Dataset entries:
+===+

(* Let $(M,d)$ be a metric space, $Q\ge2$ an integer, and let $\mathbf P\in\mathcal A_Q(M)$ not be of the form $Q[\![P]\!]$ for any $P\in M$. Then there exist an integer $1\le R<Q$, an open neighborhood $U$ of $\mathbf P$ in $\mathcal A_Q(M)$ and continuous maps $\pi_1\colon U\to\mathcal A_R(M)$, $\pi_2\colon U\to\mathcal A_{Q-R}(M)$ such that $\mathbf S=\pi_1(\mathbf S)+\pi_2(\mathbf S)$ for every $\mathbf S\in U$, and $$\mathcal G(\mathbf S,\mathbf T)^2=\mathcal G\big(\pi_1(\mathbf S),\pi_1(\mathbf T)\big)^2+\mathcal G\big(\pi_2(\mathbf S),\pi_2(\mathbf T)\big)^2\quad\text{for all }\mathbf S,\mathbf T\in U.$$
   Context: For a metric space $(M,d)$ and a positive integer $Q$, $\mathcal A_Q(M)$ is the set of measures on $M$ of the form $\sum_{i=1}^Q[\![P_i]\!]$ with $P_i\in M$ not necessarily distinct ($[\![P]\!]$ the Dirac mass at $P$), with the metric $\mathcal G\big(\sum_i[\![A_i]\!],\sum_i[\![B_i]\!]\big)=\min_\sigma\sqrt{\sum_{i=1}^Q d(A_i,B_{\sigma(i)})^2}$, minimum over all permutations $\sigma$ of $\{1,\dots,Q\}$; the same definition is used for $\mathcal A_R(M)$, $\mathcal A_{Q-R}(M)$, and sums are sums of measures. *)

From mathcomp Require Import all_boot all_order all_algebra all_fingroup.
From mathcomp Require Import reals.
Set Implicit Arguments. Unset Strict Implicit. Unset Printing Implicit Defensive.
Import Order.TTheory GRing.Theory Num.Theory.
Local Open Scope ring_scope.

Definition is_metric (R : realType) (M : Type) (d : M -> M -> R) : Prop :=
  [/\ (forall x y, 0 <= d x y),
      (forall x y, d x y = 0 <-> x = y),
      (forall x y, d x y = d y x) &
      (forall x y z, d x z <= d x y + d y z)].

(* A point sum_{i<n} [[x i]] of A_n(M) is represented by x : 'I_n -> M.
   Two representatives (possibly with different index types) denote the
   same measure iff they agree up to a bijection of indices. *)
Definition eqA (M : Type) (n m : nat) (x : 'I_n -> M) (y : 'I_m -> M) : Prop :=
  exists f : 'I_n -> 'I_m, bijective f /\ forall i, y (f i) = x i.

(* Sum of measures: concatenation of representatives. *)
Definition sumA (M : Type) (a b : nat) (x : 'I_a -> M) (y : 'I_b -> M)
  : 'I_(a + b) -> M :=
  fun i => match split i with inl j => x j | inr k => y k end.

Definition Gcost (R : realType) (M : Type) (d : M -> M -> R) (n : nat)
  (x y : 'I_n -> M) (s : 'S_n) : R :=
  Num.sqrt (\sum_(i < n) d (x i) (y (s i)) ^+ 2).

Definition G (R : realType) (M : Type) (d : M -> M -> R) (n : nat)
  (x y : 'I_n -> M) : R :=
  \big[Num.min/Gcost d x y 1%g]_(s : 'S_n) Gcost d x y s.

(* U is a set of points of A_n(M): saturated for eqA. *)
Definition saturated (M : Type) (n : nat) (U : ('I_n -> M) -> Prop) : Prop :=
  forall x y, eqA x y -> U x -> U y.

Definition openA (R : realType) (M : Type) (d : M -> M -> R) (n : nat)
  (U : ('I_n -> M) -> Prop) : Prop :=
  forall x, U x -> exists2 e : R, 0 < e & forall y, G d x y < e -> U y.

Definition wellDefinedOn (M : Type) (n m : nat) (U : ('I_n -> M) -> Prop)
  (f : ('I_n -> M) -> ('I_m -> M)) : Prop :=
  forall x y, U x -> U y -> eqA x y -> eqA (f x) (f y).

Definition continuousOn (R : realType) (M : Type) (d : M -> M -> R) (n m : nat)
  (U : ('I_n -> M) -> Prop) (f : ('I_n -> M) -> ('I_m -> M)) : Prop :=
  forall x, U x -> forall e : R, 0 < e ->
    exists2 del : R, 0 < del &
      forall y, U y -> G d x y < del -> G d (f x) (f y) < e.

+===+

What the exercise asks:
Begin with the line above that has "(x y : 'I_n -> M) : R" and continue through the line that has "forall x y, eqA x y -> U x -> U y.", setting each one down exactly. Stop there.

Result of the task:
  (x y : 'I_n -> M) : R :=
  \big[Num.min/Gcost d x y 1%g]_(s : 'S_n) Gcost d x y s.

(* U is a set of points of A_n(M): saturated for eqA. *)
Definition saturated (M : Type) (n : nat) (U : ('I_n -> M) -> Prop) : Prop :=
  forall x y, eqA x y -> U x -> U y.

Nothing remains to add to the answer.